== Supplied records ==
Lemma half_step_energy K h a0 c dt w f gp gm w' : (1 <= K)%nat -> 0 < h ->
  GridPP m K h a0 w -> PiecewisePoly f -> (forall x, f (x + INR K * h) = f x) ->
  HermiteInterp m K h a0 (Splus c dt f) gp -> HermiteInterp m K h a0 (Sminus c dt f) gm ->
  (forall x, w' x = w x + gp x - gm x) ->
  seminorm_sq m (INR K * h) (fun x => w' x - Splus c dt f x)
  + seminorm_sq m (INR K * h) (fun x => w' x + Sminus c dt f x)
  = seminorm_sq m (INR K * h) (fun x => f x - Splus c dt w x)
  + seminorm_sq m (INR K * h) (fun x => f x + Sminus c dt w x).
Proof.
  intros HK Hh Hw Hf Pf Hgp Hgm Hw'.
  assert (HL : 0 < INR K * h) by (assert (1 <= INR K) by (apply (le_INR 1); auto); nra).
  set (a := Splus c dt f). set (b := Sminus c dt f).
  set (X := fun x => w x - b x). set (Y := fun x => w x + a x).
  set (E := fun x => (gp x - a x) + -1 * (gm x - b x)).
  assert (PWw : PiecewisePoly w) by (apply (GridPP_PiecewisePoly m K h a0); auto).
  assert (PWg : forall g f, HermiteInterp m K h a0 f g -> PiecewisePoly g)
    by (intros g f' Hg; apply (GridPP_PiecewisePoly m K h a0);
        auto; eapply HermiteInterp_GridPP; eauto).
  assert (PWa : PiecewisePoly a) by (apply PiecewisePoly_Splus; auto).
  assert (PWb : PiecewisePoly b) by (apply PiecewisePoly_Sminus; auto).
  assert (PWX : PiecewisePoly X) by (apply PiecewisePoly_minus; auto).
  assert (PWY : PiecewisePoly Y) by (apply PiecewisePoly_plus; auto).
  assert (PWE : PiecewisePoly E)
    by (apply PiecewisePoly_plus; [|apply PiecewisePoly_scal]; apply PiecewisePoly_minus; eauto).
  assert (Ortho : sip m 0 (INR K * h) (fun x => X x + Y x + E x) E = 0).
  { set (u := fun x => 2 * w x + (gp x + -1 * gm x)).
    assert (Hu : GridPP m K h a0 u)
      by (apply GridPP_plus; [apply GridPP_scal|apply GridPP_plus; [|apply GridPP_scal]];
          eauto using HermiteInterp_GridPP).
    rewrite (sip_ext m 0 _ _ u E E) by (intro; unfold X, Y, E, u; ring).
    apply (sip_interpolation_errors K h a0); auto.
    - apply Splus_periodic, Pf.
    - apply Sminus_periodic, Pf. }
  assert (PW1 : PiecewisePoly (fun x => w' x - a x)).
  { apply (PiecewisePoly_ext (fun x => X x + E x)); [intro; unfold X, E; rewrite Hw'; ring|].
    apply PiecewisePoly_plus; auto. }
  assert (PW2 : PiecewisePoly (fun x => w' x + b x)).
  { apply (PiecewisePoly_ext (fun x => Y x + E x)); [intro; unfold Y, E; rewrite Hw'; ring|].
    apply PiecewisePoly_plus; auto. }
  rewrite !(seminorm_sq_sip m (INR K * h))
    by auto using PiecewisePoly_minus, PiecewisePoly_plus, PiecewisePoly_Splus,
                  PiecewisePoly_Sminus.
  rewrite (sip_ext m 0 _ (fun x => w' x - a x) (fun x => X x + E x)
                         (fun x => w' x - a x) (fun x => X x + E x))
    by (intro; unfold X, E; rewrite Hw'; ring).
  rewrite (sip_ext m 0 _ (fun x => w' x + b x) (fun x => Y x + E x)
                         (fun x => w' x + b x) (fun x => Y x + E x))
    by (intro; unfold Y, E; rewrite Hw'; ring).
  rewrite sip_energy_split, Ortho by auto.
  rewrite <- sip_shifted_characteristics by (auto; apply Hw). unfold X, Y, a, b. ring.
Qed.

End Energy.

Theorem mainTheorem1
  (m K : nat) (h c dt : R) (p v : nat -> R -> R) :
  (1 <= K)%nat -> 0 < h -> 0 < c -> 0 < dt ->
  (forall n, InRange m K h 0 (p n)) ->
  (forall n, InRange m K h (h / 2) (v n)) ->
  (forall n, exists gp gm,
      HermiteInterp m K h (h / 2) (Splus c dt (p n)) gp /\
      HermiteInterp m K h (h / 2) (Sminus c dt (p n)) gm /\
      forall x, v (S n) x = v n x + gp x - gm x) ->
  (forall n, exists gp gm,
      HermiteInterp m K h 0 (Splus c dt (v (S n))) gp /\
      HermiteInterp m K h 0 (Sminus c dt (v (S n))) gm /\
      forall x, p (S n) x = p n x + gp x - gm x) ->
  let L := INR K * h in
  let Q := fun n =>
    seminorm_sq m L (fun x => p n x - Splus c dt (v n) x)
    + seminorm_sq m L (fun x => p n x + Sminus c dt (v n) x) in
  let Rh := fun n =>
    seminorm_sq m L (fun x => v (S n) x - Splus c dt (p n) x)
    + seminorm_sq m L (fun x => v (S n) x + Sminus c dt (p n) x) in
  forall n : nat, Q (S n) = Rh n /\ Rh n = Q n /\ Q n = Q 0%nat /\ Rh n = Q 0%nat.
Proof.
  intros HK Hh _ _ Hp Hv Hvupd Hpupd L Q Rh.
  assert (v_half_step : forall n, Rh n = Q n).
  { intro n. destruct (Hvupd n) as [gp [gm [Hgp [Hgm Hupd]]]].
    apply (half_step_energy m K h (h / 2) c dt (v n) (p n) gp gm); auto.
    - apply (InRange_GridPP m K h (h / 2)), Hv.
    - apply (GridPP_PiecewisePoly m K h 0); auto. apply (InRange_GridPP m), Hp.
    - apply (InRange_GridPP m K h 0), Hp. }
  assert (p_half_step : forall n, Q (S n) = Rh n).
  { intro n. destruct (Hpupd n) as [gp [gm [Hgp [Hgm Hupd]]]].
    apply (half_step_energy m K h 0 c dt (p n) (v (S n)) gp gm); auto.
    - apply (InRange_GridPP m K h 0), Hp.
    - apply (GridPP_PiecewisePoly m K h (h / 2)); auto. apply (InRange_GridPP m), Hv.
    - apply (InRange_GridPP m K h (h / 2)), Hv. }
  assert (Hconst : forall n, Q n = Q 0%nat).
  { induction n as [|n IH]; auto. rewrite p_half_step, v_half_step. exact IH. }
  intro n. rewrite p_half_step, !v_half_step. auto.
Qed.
===
• _Try it_: If a line in the records above has the word "eauto", copy it.

• _Task result_:
        auto; eapply HermiteInterp_GridPP; eauto).
    by (apply PiecewisePoly_plus; [|apply PiecewisePoly_scal]; apply PiecewisePoly_minus; eauto).
          eauto using HermiteInterp_GridPP).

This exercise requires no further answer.